▼

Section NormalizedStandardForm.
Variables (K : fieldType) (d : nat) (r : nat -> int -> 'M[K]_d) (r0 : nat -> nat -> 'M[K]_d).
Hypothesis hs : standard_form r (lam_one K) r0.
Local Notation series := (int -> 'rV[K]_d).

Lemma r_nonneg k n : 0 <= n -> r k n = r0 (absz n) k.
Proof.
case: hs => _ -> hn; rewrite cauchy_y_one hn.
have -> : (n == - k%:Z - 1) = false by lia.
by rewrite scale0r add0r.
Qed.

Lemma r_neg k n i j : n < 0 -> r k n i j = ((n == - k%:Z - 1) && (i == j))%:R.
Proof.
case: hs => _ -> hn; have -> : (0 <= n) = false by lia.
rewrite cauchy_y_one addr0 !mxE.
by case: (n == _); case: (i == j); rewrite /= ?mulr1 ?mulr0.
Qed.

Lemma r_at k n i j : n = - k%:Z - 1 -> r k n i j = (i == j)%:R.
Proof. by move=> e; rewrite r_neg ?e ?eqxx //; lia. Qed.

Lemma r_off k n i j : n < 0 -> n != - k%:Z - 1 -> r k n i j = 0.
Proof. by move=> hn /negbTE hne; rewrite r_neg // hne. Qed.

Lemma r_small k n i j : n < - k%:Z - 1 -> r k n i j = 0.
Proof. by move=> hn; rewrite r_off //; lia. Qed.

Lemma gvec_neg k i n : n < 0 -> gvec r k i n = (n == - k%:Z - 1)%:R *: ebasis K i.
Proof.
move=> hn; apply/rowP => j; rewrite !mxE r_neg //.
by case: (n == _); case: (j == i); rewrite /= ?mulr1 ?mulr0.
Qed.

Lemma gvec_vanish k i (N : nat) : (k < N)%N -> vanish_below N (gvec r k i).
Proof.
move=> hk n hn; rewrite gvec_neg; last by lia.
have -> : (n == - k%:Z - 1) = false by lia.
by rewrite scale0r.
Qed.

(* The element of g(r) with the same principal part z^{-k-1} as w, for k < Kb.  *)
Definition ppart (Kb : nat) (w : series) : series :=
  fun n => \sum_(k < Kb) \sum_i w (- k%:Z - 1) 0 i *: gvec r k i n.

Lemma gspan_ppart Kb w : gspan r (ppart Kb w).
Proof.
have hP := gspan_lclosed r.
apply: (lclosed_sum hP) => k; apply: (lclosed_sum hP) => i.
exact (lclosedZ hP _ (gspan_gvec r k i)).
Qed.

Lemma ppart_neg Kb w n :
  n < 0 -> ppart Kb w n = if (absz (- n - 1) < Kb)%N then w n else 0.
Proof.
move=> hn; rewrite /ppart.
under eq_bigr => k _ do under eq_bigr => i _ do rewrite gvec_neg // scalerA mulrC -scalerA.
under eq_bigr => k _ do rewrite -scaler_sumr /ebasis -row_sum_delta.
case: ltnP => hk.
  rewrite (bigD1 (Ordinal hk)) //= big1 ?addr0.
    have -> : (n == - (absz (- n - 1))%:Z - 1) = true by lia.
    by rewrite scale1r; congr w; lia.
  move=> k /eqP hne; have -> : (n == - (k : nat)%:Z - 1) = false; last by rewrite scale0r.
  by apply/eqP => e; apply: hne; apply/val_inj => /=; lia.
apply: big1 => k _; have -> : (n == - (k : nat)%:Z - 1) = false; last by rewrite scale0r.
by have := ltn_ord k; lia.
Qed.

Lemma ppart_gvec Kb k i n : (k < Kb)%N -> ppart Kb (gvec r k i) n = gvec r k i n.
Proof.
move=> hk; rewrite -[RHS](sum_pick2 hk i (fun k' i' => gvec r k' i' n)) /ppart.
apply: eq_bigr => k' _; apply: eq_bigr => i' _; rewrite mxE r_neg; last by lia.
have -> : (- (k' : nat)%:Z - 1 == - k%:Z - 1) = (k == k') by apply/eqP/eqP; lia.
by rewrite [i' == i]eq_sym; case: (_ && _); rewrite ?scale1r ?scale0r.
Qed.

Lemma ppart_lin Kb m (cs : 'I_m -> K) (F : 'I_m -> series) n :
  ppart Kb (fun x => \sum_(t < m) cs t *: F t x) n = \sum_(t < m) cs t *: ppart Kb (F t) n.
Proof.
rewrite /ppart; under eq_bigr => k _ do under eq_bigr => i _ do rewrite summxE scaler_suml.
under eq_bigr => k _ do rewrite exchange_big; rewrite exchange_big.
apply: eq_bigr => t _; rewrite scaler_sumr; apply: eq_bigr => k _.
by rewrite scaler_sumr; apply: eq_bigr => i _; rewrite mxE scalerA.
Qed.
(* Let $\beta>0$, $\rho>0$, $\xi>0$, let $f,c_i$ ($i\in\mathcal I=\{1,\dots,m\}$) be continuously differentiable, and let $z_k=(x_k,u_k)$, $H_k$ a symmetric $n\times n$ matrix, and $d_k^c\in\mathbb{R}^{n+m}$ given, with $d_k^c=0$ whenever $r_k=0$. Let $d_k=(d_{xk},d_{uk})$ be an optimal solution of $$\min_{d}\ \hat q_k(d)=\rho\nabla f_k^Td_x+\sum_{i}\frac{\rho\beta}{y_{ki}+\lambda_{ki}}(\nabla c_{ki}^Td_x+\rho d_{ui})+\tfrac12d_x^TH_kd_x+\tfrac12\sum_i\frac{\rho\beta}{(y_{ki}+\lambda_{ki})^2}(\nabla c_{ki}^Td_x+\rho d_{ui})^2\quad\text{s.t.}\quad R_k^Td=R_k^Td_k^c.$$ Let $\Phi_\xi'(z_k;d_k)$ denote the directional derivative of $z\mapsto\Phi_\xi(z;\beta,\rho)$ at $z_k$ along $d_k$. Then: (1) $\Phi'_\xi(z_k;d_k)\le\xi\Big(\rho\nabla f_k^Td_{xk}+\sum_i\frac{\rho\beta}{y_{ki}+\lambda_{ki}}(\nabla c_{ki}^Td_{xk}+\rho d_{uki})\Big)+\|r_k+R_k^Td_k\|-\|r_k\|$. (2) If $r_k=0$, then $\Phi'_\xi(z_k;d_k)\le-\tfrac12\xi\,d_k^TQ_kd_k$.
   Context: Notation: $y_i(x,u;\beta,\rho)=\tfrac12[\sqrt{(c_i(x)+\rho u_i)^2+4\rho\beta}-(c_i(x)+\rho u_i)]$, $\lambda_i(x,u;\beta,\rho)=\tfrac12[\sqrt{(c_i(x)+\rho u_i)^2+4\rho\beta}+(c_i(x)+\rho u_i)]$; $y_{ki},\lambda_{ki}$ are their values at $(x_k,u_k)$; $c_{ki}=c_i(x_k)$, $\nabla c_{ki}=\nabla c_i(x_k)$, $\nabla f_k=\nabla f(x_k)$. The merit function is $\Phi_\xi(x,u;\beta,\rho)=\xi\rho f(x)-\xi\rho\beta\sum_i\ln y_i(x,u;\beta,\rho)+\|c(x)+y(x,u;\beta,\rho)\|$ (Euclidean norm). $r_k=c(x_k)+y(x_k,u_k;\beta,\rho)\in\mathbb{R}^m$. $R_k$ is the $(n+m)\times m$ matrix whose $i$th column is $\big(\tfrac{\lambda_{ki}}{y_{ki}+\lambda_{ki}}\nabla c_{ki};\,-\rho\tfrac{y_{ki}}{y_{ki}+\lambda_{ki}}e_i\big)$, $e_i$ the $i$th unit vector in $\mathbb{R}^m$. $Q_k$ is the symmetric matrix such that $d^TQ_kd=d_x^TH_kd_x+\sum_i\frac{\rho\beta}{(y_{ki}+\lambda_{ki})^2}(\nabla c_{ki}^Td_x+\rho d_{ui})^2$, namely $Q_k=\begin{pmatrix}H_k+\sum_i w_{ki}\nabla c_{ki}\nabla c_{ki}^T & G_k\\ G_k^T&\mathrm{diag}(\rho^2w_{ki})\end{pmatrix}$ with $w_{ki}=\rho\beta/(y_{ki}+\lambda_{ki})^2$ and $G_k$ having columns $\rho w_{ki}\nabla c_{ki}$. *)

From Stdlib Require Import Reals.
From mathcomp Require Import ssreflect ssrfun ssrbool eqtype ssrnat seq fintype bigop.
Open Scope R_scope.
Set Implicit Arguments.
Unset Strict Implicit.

▲

GOAL OF THE EXERCISE:
Each line from the top of the records through the one with "Proof. by move=> hn;" should be returned exactly. Leave out everything else.

EXERCISE OUTPUT:
Section NormalizedStandardForm.
Variables (K : fieldType) (d : nat) (r : nat -> int -> 'M[K]_d) (r0 : nat -> nat -> 'M[K]_d).
Hypothesis hs : standard_form r (lam_one K) r0.
Local Notation series := (int -> 'rV[K]_d).

Lemma r_nonneg k n : 0 <= n -> r k n = r0 (absz n) k.
Proof.
case: hs => _ -> hn; rewrite cauchy_y_one hn.
have -> : (n == - k%:Z - 1) = false by lia.
by rewrite scale0r add0r.
Qed.

Lemma r_neg k n i j : n < 0 -> r k n i j = ((n == - k%:Z - 1) && (i == j))%:R.
Proof.
case: hs => _ -> hn; have -> : (0 <= n) = false by lia.
rewrite cauchy_y_one addr0 !mxE.
by case: (n == _); case: (i == j); rewrite /= ?mulr1 ?mulr0.
Qed.

Lemma r_at k n i j : n = - k%:Z - 1 -> r k n i j = (i == j)%:R.
Proof. by move=> e; rewrite r_neg ?e ?eqxx //; lia. Qed.

Lemma r_off k n i j : n < 0 -> n != - k%:Z - 1 -> r k n i j = 0.
Proof. by move=> hn /negbTE hne; rewrite r_neg // hne. Qed.

Lemma r_small k n i j : n < - k%:Z - 1 -> r k n i j = 0.
Proof. by move=> hn; rewrite r_off //; lia. Qed.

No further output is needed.